WHAT TO PRODUCE: Write out the following listing's lines from the one with "rewrite -(phi_le (t_spec" to the one with "by apply: cvg_comp", exactly, with both included and no others.

-- -- --

(* Let $d\ge 2$ and let $\varphi:[0,\infty)\to[0,1]$ be the Laplace transform of a strictly positive random variable, continuous and strictly decreasing with $\varphi(0)=1$ and $\lim_{t\to\infty}\varphi(t)=0$, and let $C(u_1,\dots,u_d)=\varphi\big(\sum_{i=1}^d\varphi^{-1}(u_i)\big)$ be the associated Archimedean copula. If $\varphi$ is slowly varying at $\infty$, then for every $w=(w_1,\dots,w_d)\in\mathbb{R}_+^d$, $$\lim_{u\downarrow 0}\frac{C(uw_1,\dots,uw_d)}{u}=\min\{w_1,\dots,w_d\}.$$
   Context: A measurable function $f>0$ is slowly varying at $\infty$ if $f(tx)/f(t)\to 1$ as $t\to\infty$ for every $x>0$. *)

From HB Require Import structures.
From mathcomp Require Import all_boot all_order all_algebra.
From mathcomp Require Import all_classical all_reals all_analysis.
Set Implicit Arguments. Unset Strict Implicit. Unset Printing Implicit Defensive.
Import Order.TTheory GRing.Theory Num.Theory.
Import numFieldNormedType.Exports.
Local Open Scope classical_set_scope.
Local Open Scope ring_scope.

Definition laplace {R : realType} (P : probability R R) (t : R) : R :=
  fine (\int[P]_x (expR (- (t * x)))%:E)%E.

Definition slowly_varying {R : realType} (f : R -> R) : Prop :=
  [/\ measurable_fun (`]0, +oo[ : set R) f,
      (forall t, 0 < t -> 0 < f t) &
      forall x, 0 < x -> f (t * x) / f t @[t --> +oo] --> (1 : R)].

(* generalized inverse of phi on [0,1]: inf {t >= 0 | phi t <= u},
   valued in the extended reals (= +oo when u = 0, the usual convention) *)
Definition phi_inv {R : realType} (phi : R -> R) (u : R) : \bar R :=
  ereal_inf [set t%:E | t in [set t : R | 0 <= t /\ phi t <= u]].

(* phi extended to [0, +oo] with phi(+oo) = lim phi = 0 *)
Definition phi_ext {R : realType} (phi : R -> R) (e : \bar R) : R :=
  match e with
  | r%:E => phi r
  | +oo%E => 0
  | -oo%E => 1
  end.

Definition arch_copula {R : realType} (phi : R -> R) (d : nat)
    (u : 'I_d -> R) : R :=
  phi_ext phi (\sum_(i < d) phi_inv phi (u i))%E.

(* min{w_1,...,w_d} (for d >= 1) *)
Definition minv {R : realType} (d : nat) (w : 'I_d -> R) : R :=
  fine (\big[mine/+oo%E]_(i < d) (w i)%:E)%E.

From HB Require Import structures.
From mathcomp Require Import all_boot all_order all_algebra.
From mathcomp Require Import all_classical all_reals all_analysis.
From mathcomp Require Import ring.
Import Order.TTheory GRing.Theory Num.Theory.
Import numFieldNormedType.Exports.
Local Open Scope classical_set_scope.
Local Open Scope ring_scope.
Set Implicit Arguments. Unset Strict Implicit.

(* Write [u w_i = phi (t_i)], so that [C(u w) = phi (t_1 + ... + t_d)]; the
   largest [t_j] belongs to the smallest weight [m = w_j], and
   [t_j <= sum_i t_i <= d t_j].  Since [phi] decreases,
   [phi (d t_j) <= C(u w) <= phi (t_j) = u m], i.e.
   [m phi (d t_j) / phi (t_j) <= C(u w) / u <= m].  As [u -> 0], [t_j -> +oo],
   and slow variation at [x = d] squeezes [C(u w) / u] to [m]. *)

Lemma minv_attained (R : realType) (d : nat) (w : 'I_d -> R) (i0 : 'I_d) :
  exists2 j, minv w = w j & forall i, w j <= w i.
Proof.
rewrite /minv (@bigmin_eq_arg _ _ _ +oo%E i0 predT (fun i => (w i)%:E)) //;
  last by move=> i _; exact: leey.
case: arg_minP => // j _ wj_min; exists j => // i.
by have := wj_min i isT; rewrite lee_fin.
Qed.

Lemma cvg_at_right0_scale (R : realType) (c : R) : 0 < c ->
  (fun u => u * c) @ 0^'+ --> 0^'+.
Proof.
move=> c0 A [e /= e0 eA]; exists (e / c) => [|u /= ue u0]; first exact: divr_gt0.
apply: eA => /=; last exact: mulr_gt0.
move: ue; rewrite !sub0r !normrN !gtr0_norm ?mulr_gt0 //.
by rewrite ltr_pdivlMr.
Qed.

Definition phi_invr (R : realType) (phi : R -> R) (v : R) : R :=
  fine (phi_inv phi v).

Section GeneralizedInverse.
Variables (R : realType) (phi : R -> R).

Lemma phi_inv_ge0 v : (0 <= phi_inv phi v)%E.
Proof. by apply: le_ereal_inf_tmp => _ [t [t0 _] <-]; rewrite lee_fin. Qed.

Hypothesis phi_decr :
  {in `[0, +oo[ &, forall s t, s < t -> phi t < phi s}.

Lemma phi_le s t : 0 <= s -> 0 <= t -> (phi t <= phi s) = (s <= t).
Proof.
move=> s0 t0.
have phi_nmono : {in `[0, +oo[ &, {homo phi : y x / x < y >-> y < x}}.
  by move=> y x yD xD; exact: phi_decr.
by rewrite (le_nmono_in phi_nmono) // in_itv /= andbT.
Qed.

Lemma phiK t : 0 <= t -> phi_inv phi (phi t) = t%:E.
Proof.
move=> t0; apply/le_anti/andP; split.
  by apply: ereal_inf_lbound; exists t.
apply: le_ereal_inf_tmp => _ [s [s0 phi_s] <-].
by rewrite lee_fin -phi_le.
Qed.

Hypotheses (phi_pos : forall t, 0 < t -> 0 < phi t) (phi0 : phi 0 = 1).

Lemma phi_inv0 : phi_inv phi 0 = +oo%E.
Proof.
rewrite /phi_inv; suff -> : [set t%:E | t in [set t | 0 <= t /\ phi t <= 0]] = set0
  by exact: ereal_inf0.
apply/seteqP; split => // _ [t [] + phi_t _] /=.
rewrite le_eqVlt => /predU1P[t0|/phi_pos]; first by rewrite -t0 phi0 ler10 in phi_t.
by rewrite ltNge phi_t.
Qed.

Lemma arch_copula_eq0 d (u : 'I_d -> R) j : u j = 0 -> arch_copula phi u = 0.
Proof.
move=> uj0; rewrite /arch_copula (bigD1 j) //= uj0 phi_inv0 addye //.
by rewrite gt_eqF // (lt_le_trans ltNy0) // sume_ge0 // => i _; exact: phi_inv_ge0.
Qed.

Lemma arch_copula_phi d (t : 'I_d -> R) : (forall i, 0 <= t i) ->
  arch_copula phi (fun i => phi (t i)) = phi (\sum_i t i).
Proof.
by move=> t0; rewrite /arch_copula (eq_bigr _ (fun i _ => phiK (t0 i))) sumEFin.
Qed.

Lemma arch_copula_bounds d (t : 'I_d -> R) j :
  (forall i, 0 <= t i) -> (forall i, t i <= t j) ->
  phi (t j * d%:R) <= arch_copula phi (fun i => phi (t i)) <= phi (t j).
Proof.
move=> t0 t_max; rewrite arch_copula_phi //.
have sum_ge : t j <= \sum_i t i.
  by rewrite (bigD1 j) //= lerDl sumr_ge0.
have sum_le : \sum_i t i <= t j * d%:R.
  apply: le_trans (ler_sum _ (fun i _ => t_max i)) _.
  by rewrite sumr_const card_ord mulr_natr.
have sum0 := le_trans (t0 j) sum_ge.
by rewrite !phi_le ?mulr_ge0 ?ler0n // sum_ge sum_le.
Qed.

Hypotheses (phi_cont : {within `[0, +oo[, continuous phi})
  (phi_cvg0 : phi t @[t --> +oo] --> 0).

Lemma phi_onto v : 0 < v -> v <= 1 -> exists2 t, 0 <= t & phi t = v.
Proof.
move=> v0 v1; have [M [_ phi_lt]] := cvgr_lt 0 phi_cvg0 v v0.
pose T := Num.max M 0 + 1.
have T0 : 0 <= T by rewrite addr_ge0 // le_max lexx orbT.
have phiT : phi T < v by apply: phi_lt; rewrite ltr_pwDr // le_max lexx.
have phiT1 : phi T <= 1 := ltW (lt_le_trans phiT v1).
have [t + phi_t] : exists2 t, t \in `[0, T] & phi t = v.
  apply: IVT => //.
    apply: continuous_subspaceW phi_cont => x /=.
    by rewrite !in_itv /= => /andP[-> _].
  by rewrite phi0 (min_r phiT1) (max_l phiT1) (ltW phiT) v1.
by rewrite in_itv /= => /andP[t0 _]; exists t.
Qed.

Lemma phi_invrK v :
  0 < v -> v <= 1 -> 0 <= phi_invr phi v /\ phi (phi_invr phi v) = v.
Proof.
by move=> v0 v1; have [t t0 <-] := phi_onto v0 v1; rewrite /phi_invr phiK.
Qed.

Lemma phi_invr_cvgy : phi_invr phi v @[v --> 0^'+] --> +oo.
Proof.
apply/cvgryPge => A; pose B := Num.max A 0 + 1.
have B0 : 0 < B by rewrite ltr_pwDr // le_max lexx orbT.
have phiB0 := phi_pos B0.
have phiB1 : phi B <= 1 by rewrite -phi0 phi_le // ltW.
near=> v.
have v0 : 0 < v by near: v; exact: nbhs_right_gt.
have vB : v < phi B by near: v; exact: nbhs_right_lt.
have [r0 phi_r] := phi_invrK v0 (ltW (lt_le_trans vB phiB1)).
apply: (@le_trans _ _ B); first by rewrite ler_wpDr // le_max lexx.
by rewrite -(phi_le (ltW B0) r0) phi_r ltW.
Unshelve. all: by end_near.
Qed.

Lemma arch_copula_ratio_bounds d (w : 'I_d -> R) j u :
  0 < u -> 0 < w j -> (forall i, w j <= w i) -> (forall i, u * w i <= 1) ->
  w j * (phi (phi_invr phi (u * w j) * d%:R) / phi (phi_invr phi (u * w j)))
    <= arch_copula phi (fun i => u * w i) / u <= w j.
Proof.
move=> u0 wj0 w_min w_le1.
have t_spec i := phi_invrK (mulr_gt0 u0 (lt_le_trans wj0 (w_min i))) (w_le1 i).
pose t i := phi_invr phi (u * w i).
have -> : (fun i => u * w i) = fun i => phi (t i).
  by apply/funext => i; rewrite (t_spec i).2.
have t_max i : t i <= t j.
  rewrite -(phi_le (t_spec i).1 (t_spec j).1).
  by rewrite (t_spec i).2 (t_spec j).2 ler_pM2l.
have /andP[lb ub] := arch_copula_bounds (fun i => (t_spec i).1) t_max.
apply/andP; split; last by rewrite ler_pdivrMr // mulrC -(t_spec j).2.
have -> : w j * (phi (t j * d%:R) / phi (t j)) = phi (t j * d%:R) / u.
  by rewrite (t_spec j).2; field; rewrite !gt_eqF.
by rewrite ler_wpM2r // invr_ge0 ltW.
Qed.

End GeneralizedInverse.

Theorem theorem2p3 (R : realType) (d : nat) (P : probability R R) :
  (2 <= d)%N ->
  P `]0, +oo[%classic = 1%E ->
  {within `[0, +oo[, continuous (laplace P)} ->
  {in `[0, +oo[ &, forall s t, s < t -> laplace P t < laplace P s} ->
  laplace P 0 = 1 ->
  laplace P t @[t --> +oo] --> 0 ->
  slowly_varying (laplace P) ->
  forall w : 'I_d -> R, (forall i, 0 <= w i) ->
    (fun u => arch_copula (laplace P) (fun i => u * w i) / u) @ 0^'+
      --> minv w.
Proof.
move=> d2 _ phi_cont phi_decr phi0 phi_cvg0 [_ phi_pos phi_sv] w w_ge0.
have [j -> w_min] := minv_attained w (Ordinal (ltnW d2)).
have := w_ge0 j; rewrite le_eqVlt => /predU1P[wj0|wj_pos].
  apply: cvg_near_cst; apply: nearW => u.
  by rewrite (arch_copula_eq0 phi_pos phi0 (j := j)) ?mul0r // -wj0 mulr0.
pose phi := laplace P; pose g u := phi_invr phi (u * w j).
have g_cvgy : g u @[u --> 0^'+] --> +oo.
  apply: cvg_comp (cvg_at_right0_scale wj_pos) _.
  exact: phi_invr_cvgy phi_decr phi_pos phi0 phi_cont phi_cvg0.
have ratio_cvg1 : phi (g u * d%:R) / phi (g u) @[u --> 0^'+] --> (1 : R).
  by apply: cvg_comp g_cvgy (phi_sv _ _); rewrite ltr0n (ltnW d2).
have lower_cvg : w j * (phi (g u * d%:R) / phi (g u)) @[u --> 0^'+] --> w j.
  by rewrite -[X in _ --> X]mulr1; apply: cvgM => //; exact: cvg_cst.
apply: (squeeze_cvgr _ lower_cvg (cvg_cst (w j))).
pose W := \sum_i w i.
have w_le_W i : w i <= W by rewrite /W (bigD1 i) //= lerDl sumr_ge0.
have W_pos := lt_le_trans wj_pos (w_le_W j).
near=> u.
have u0 : 0 < u by near: u; exact: nbhs_right_gt.
have uW : u < W^-1 by near: u; apply: nbhs_right_lt; rewrite invr_gt0.
apply: (arch_copula_ratio_bounds phi_decr phi0 phi_cont phi_cvg0 u0 wj_pos w_min).
move=> i; rewrite -(mulVf (lt0r_neq0 W_pos)).
by apply: ler_pM; [exact: ltW | exact: w_ge0 | exact: ltW | exact: w_le_W].
Unshelve. all: by end_near.
Qed.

-- -- --

SOLUTION FOR THIS PROBLEM:
  rewrite -(phi_le (t_spec i).1 (t_spec j).1).
  by rewrite (t_spec i).2 (t_spec j).2 ler_pM2l.
have /andP[lb ub] := arch_copula_bounds (fun i => (t_spec i).1) t_max.
apply/andP; split; last by rewrite ler_pdivrMr // mulrC -(t_spec j).2.
have -> : w j * (phi (t j * d%:R) / phi (t j)) = phi (t j * d%:R) / u.
  by rewrite (t_spec j).2; field; rewrite !gt_eqF.
by rewrite ler_wpM2r // invr_ge0 ltW.
Qed.

End GeneralizedInverse.

Theorem theorem2p3 (R : realType) (d : nat) (P : probability R R) :
  (2 <= d)%N ->
  P `]0, +oo[%classic = 1%E ->
  {within `[0, +oo[, continuous (laplace P)} ->
  {in `[0, +oo[ &, forall s t, s < t -> laplace P t < laplace P s} ->
  laplace P 0 = 1 ->
  laplace P t @[t --> +oo] --> 0 ->
  slowly_varying (laplace P) ->
  forall w : 'I_d -> R, (forall i, 0 <= w i) ->
    (fun u => arch_copula (laplace P) (fun i => u * w i) / u) @ 0^'+
      --> minv w.
Proof.
move=> d2 _ phi_cont phi_decr phi0 phi_cvg0 [_ phi_pos phi_sv] w w_ge0.
have [j -> w_min] := minv_attained w (Ordinal (ltnW d2)).
have := w_ge0 j; rewrite le_eqVlt => /predU1P[wj0|wj_pos].
  apply: cvg_near_cst; apply: nearW => u.
  by rewrite (arch_copula_eq0 phi_pos phi0 (j := j)) ?mul0r // -wj0 mulr0.
pose phi := laplace P; pose g u := phi_invr phi (u * w j).
have g_cvgy : g u @[u --> 0^'+] --> +oo.
  apply: cvg_comp (cvg_at_right0_scale wj_pos) _.
  exact: phi_invr_cvgy phi_decr phi_pos phi0 phi_cont phi_cvg0.
have ratio_cvg1 : phi (g u * d%:R) / phi (g u) @[u --> 0^'+] --> (1 : R).
  by apply: cvg_comp g_cvgy (phi_sv _ _); rewrite ltr0n (ltnW d2).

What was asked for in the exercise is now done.